Example: Factor \(-3a^2 + 9a\).

Factor out \(-3a\):

$$-3a^2 + 9a = -3a(a - 3)$$

Factoring by Grouping

When a polynomial has four terms, you can sometimes factor it by grouping pairs of terms.

Example: Factor \(ax + ay + bx + by\).

Group the first two terms and the last two terms:

$$(ax + ay) + (bx + by)$$

Factor out the GCF from each group:

$$= a(x + y) + b(x + y)$$

Now notice that \((x + y)\) appears in both terms. Factor it out:

$$= (x + y)(a + b)$$

Example: Factor \(6x^2 + 9x + 4x + 6\).

Group: $$(6x^2 + 9x) + (4x + 6)$$

Factor GCF from each group: $$= 3x(2x + 3) + 2(2x + 3)$$

Factor out \((2x + 3)\): $$= (2x + 3)(3x + 2)$$

Check by multiplying: \((2x + 3)(3x + 2) = 6x^2 + 4x + 9x + 6 = 6x^2 + 13x + 6\)

Wait, that's not right! Let me recalculate. The original was \(6x^2 + 9x + 4x + 6 = 6x^2 + 13x + 6\). Let me verify the factoring.

\((2x + 3)(3x + 2)\):

• First: \(6x^2\)
• Outer: \(4x\)
• Inner: \(9x\)
• Last: \(6\)

Total: \(6x^2 + 13x + 6\) ✓

Example: Factor \(2x^3 - 6x^2 + 5x - 15\).

Group: $$(2x^3 - 6x^2) + (5x - 15)$$

Factor each group: $$= 2x^2(x - 3) + 5(x - 3)$$

Factor out \((x - 3)\): $$= (x - 3)(2x^2 + 5)$$

When Grouping Doesn't Work Right Away

Sometimes you need to rearrange terms to make grouping work.

Example: Factor \(xy + 3y + 2x + 6\).

If we group the first two and last two, we get: $$(xy + 3y) + (2x + 6)$$ $$= y(x + 3) + 2(x + 3)$$ $$= (x + 3)(y + 2)$$

That worked!

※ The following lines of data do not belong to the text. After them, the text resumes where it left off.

Lemma continuous_two_valued_constant (h : R -> R) (a b : R) :
  continuity h -> (forall u, h u = a \/ h u = b) -> forall u, h u = h 0.
Proof.
move=> h_cont h_ab u.
move: (Rmin_l (h u) (h 0)) (Rmin_r (h u) (h 0)) (Rmax_l (h u) (h 0)) (Rmax_r (h u) (h 0)).
move=> /RleP m1 /RleP m2 /RleP m3 /RleP m4.
pose mid := (h u + h 0) / 2.
have mid_between : Rle (Rmin (h u) (h 0)) mid /\ Rle mid (Rmax (h u) (h 0)).
  by split; apply/RleP; rewrite /mid; lra.
have [y [_ h_mid]] := IVT_gen h u 0 mid h_cont mid_between.
move: h_mid; rewrite /mid => h_mid.
by case: (h_ab u) => ?; case: (h_ab 0) => ?; case: (h_ab y) => ?; lra.
Qed.

Lemma Derive_zero_or_half (g : R -> R) :
  (forall u, ex_derive g u) -> (forall u, ex_derive (Derive g) u) ->
  (forall u, g u = 0 \/ Derive g u = - (1 / 2)) ->
  forall u, Derive g u = 0 \/ Derive g u = - (1 / 2).
Proof.
move=> dg d2g g_cases u.
have g_eq0 t : g t * (1 + 2 * Derive g t) = 0.
  case: (g_cases t) => ->; first by rewrite mul0r.
  have -> : 1 + 2 * - (1 / 2) = 0 :> R by lra.
  by rewrite mulr0.
have ex_rhs : ex_derive (fun t => 1 + 2 * Derive g t) u.
  by apply: ex_derive_plus; [exact: ex_derive_const | apply: ex_derive_scal].
have Drhs : Derive (fun t => 1 + 2 * Derive g t) u = 2 * Derive (Derive g) u.
  rewrite Derive_plus; [|exact: ex_derive_const | exact: ex_derive_scal].
  by rewrite Derive_const Derive_scal Rplus_0_l.
have D_eq0 : Derive g u * (1 + 2 * Derive g u) + g u * (2 * Derive (Derive g) u) = 0.
  have Dprod : Derive (fun t => g t * (1 + 2 * Derive g t)) u =
    Derive g u * (1 + 2 * Derive g u) + g u * Derive (fun t => 1 + 2 * Derive g t) u :=
    Derive_mult _ _ _ (dg u) ex_rhs.
  rewrite -Drhs -Dprod (Derive_ext _ (fun _ => 0) _ g_eq0).
  exact: Derive_const.
case: (g_cases u) => [g0 | ]; last by right.
move: D_eq0; rewrite g0 mul0r addr0 => /eqP; rewrite mulf_eq0 => /orP [/eqP -> | /eqP ?].
  by left.
by right; lra.
Qed.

But we could also rearrange first: $$xy + 2x + 3y + 6$$ $$(xy + 2x) + (3y + 6)$$ $$= x(y + 2) + 3(y + 2)$$ $$= (y + 2)(x + 3)$$

Same result, just in different order.

Combining GCF with Other Factoring

Always factor out the GCF first before trying other factoring methods.

Example: Factor \(3x^2 + 12x + 12\).

GCF is 3: $$= 3(x^2 + 4x + 4)$$

Now we could factor \(x^2 + 4x + 4\) further if we knew how to factor trinomials (which you'll learn in Algebra II), but we'll stop here for now.

Checking Your Factoring

Always check by multiplying the factors back together. If you get the original polynomial, you factored correctly.

Example: Did I factor \(10a^2 - 15a\) correctly as \(5a(2a - 3)\)?

Check: \(5a(2a - 3) = 10a^2 - 15a\) ✓

Yes!

Give These a Try

Factor completely:

1. \(12x + 18\)
2. \(5y^2 - 10y\)
3. \(-4m^2 + 8m\)
4. \(ax + bx + ay + by\)
5. \(3x^2 + 6x + 2x + 4\)
6. \(8n^3 - 12n^2 + 10n - 15\)

Solutions:

1. GCF is 6: \(6(2x + 3)\)
2. GCF is \(5y\): \(5y(y - 2)\)
3. GCF is \(-4m\): \(-4m(m - 2)\)
4. Group: \(x(a + b) + y(a + b) = (a + b)(x + y)\)
5. Group: \(3x(x + 2) + 2(x + 2) = (x + 2)(3x + 2)\)
6. Group: \(4n^2(2n - 3) + 5(2n - 3) = (2n - 3)(4n^2 + 5)\)

What Trips People Up

Not factoring out the GCF completely is wasteful. If you have \(8x^2 + 12x\) and factor out \(2x\) to get \(2x(4x + 6)\), you're not finished—there's still a GCF of 2 inside those parentheses: \(2x \cdot 2(2x + 3) = 4x(2x + 3)\).

Forgetting to factor out the variable part of the GCF causes incomplete answers. In \(6x^3 + 9x^2\), the GCF isn't just 3—it's \(3x^2\). Both terms have at least \(x^2\), so factor it out.

Sign errors when factoring out a negative happen frequently. When you factor \(-1\) out of \(-x + 5\), you get \(-1(x - 5)\), not \(-1(x + 5)\). Every term's sign flips when you pull out that negative.

Not checking your work by multiplying back is asking for trouble. Multiply your factors together and make sure you get the original polynomial. If you don't, you made a mistake somewhere.

Trying to factor prime polynomials wastes time. Not every polynomial factors nicely using integers. If you've looked for a GCF and tried grouping (when applicable) and nothing works, the polynomial might just be prime. That's okay.